## BRIEF
Exactly as they appear below, repeat the lines from the one with "From Stdlib Require Import Reals ClassicalEpsilon." through the one with "Definition tau1 (k", and no others.

- Opening Delimiter -

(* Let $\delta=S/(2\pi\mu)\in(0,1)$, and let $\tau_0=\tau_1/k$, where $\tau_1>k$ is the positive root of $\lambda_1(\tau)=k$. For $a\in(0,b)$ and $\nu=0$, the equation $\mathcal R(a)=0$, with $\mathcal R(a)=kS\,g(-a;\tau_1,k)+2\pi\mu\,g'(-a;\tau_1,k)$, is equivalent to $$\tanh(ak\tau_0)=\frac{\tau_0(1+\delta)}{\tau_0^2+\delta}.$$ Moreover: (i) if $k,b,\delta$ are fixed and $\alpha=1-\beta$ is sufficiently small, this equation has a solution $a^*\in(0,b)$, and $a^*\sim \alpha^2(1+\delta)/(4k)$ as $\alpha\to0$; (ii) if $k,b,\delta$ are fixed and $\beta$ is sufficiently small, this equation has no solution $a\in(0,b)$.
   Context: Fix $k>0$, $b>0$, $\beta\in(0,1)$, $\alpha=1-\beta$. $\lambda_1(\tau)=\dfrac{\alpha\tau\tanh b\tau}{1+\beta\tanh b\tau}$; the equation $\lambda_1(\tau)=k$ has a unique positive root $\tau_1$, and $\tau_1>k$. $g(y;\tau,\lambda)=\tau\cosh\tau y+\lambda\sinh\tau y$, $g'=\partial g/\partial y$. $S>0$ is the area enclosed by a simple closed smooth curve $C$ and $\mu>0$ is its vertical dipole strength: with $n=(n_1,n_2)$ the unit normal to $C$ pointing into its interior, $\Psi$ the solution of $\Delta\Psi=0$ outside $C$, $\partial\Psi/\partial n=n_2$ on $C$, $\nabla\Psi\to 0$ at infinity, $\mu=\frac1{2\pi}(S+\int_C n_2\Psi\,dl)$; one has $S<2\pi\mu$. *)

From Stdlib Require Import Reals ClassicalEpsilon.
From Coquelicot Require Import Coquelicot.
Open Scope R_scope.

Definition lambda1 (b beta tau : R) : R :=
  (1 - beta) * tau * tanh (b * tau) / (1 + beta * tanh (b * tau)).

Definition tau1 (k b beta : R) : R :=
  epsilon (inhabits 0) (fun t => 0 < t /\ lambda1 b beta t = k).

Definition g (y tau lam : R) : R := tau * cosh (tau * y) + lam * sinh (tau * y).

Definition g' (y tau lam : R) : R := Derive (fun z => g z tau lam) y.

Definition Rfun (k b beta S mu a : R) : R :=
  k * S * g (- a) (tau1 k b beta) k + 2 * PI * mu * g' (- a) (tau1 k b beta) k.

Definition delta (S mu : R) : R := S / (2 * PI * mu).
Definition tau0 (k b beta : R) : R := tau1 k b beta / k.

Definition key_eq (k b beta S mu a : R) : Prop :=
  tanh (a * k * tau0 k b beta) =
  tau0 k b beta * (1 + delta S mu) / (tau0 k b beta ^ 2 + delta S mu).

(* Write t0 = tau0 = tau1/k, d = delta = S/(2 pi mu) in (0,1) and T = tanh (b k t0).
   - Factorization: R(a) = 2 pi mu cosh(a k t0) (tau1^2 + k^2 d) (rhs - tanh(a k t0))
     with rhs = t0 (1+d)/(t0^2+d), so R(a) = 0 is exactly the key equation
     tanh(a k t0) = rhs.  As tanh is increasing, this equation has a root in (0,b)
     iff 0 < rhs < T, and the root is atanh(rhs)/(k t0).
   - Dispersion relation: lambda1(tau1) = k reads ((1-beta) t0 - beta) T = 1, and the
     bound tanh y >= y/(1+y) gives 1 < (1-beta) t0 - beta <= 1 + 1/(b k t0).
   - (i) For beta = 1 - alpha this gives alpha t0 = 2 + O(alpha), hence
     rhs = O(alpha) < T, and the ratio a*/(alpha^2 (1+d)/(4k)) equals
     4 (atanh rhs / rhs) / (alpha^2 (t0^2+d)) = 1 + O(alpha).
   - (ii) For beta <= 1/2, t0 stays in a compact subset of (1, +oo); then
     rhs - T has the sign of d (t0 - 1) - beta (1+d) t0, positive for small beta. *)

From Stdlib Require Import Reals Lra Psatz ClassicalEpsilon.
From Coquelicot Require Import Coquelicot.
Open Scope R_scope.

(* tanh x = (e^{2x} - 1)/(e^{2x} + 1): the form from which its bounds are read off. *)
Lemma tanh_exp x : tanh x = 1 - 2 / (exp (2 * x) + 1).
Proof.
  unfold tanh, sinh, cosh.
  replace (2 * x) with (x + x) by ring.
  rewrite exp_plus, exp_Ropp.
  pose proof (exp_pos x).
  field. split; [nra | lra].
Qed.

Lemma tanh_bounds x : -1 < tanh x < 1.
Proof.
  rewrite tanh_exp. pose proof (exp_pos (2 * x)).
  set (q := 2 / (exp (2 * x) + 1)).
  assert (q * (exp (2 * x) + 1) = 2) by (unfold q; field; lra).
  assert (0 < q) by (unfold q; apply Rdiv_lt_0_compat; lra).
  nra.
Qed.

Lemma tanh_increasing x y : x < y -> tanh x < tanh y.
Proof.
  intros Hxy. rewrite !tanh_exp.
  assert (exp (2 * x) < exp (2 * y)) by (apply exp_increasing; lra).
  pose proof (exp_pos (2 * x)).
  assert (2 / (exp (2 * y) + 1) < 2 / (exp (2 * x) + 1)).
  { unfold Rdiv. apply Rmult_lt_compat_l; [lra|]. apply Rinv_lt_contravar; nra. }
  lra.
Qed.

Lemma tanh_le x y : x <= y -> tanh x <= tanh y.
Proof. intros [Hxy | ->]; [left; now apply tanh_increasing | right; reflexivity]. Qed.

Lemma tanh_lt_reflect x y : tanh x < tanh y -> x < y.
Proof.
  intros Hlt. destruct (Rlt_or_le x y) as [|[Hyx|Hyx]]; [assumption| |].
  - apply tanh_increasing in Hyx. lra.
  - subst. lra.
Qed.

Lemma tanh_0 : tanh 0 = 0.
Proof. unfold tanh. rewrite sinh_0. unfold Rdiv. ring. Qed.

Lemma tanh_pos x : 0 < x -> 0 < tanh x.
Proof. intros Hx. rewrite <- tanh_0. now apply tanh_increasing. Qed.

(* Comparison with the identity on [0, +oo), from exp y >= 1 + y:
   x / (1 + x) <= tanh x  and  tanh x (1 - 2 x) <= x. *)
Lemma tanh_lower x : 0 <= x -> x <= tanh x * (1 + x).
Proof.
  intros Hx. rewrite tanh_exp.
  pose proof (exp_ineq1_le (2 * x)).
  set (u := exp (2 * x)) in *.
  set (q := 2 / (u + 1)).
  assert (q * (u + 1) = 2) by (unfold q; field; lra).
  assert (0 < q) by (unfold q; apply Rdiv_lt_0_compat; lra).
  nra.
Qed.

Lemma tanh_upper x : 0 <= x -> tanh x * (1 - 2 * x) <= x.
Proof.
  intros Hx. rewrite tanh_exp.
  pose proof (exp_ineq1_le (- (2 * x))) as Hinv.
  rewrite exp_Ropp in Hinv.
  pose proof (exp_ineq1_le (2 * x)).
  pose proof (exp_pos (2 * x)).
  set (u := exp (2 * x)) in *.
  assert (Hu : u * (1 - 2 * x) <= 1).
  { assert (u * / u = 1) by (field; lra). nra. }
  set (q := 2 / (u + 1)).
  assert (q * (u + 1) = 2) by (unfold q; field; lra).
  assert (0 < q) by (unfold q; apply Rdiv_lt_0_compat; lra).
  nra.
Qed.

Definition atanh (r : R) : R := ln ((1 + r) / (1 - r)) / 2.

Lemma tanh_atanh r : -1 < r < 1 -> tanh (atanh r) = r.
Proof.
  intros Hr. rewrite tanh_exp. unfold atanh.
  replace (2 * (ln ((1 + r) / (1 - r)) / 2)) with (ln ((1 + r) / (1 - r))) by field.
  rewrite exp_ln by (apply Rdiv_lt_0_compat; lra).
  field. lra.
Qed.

- Closing Delimiter -

## SOLUTION FOR THIS EXERCISE
From Stdlib Require Import Reals ClassicalEpsilon.
From Coquelicot Require Import Coquelicot.
Open Scope R_scope.

Definition lambda1 (b beta tau : R) : R :=
  (1 - beta) * tau * tanh (b * tau) / (1 + beta * tanh (b * tau)).

Definition tau1 (k b beta : R) : R :=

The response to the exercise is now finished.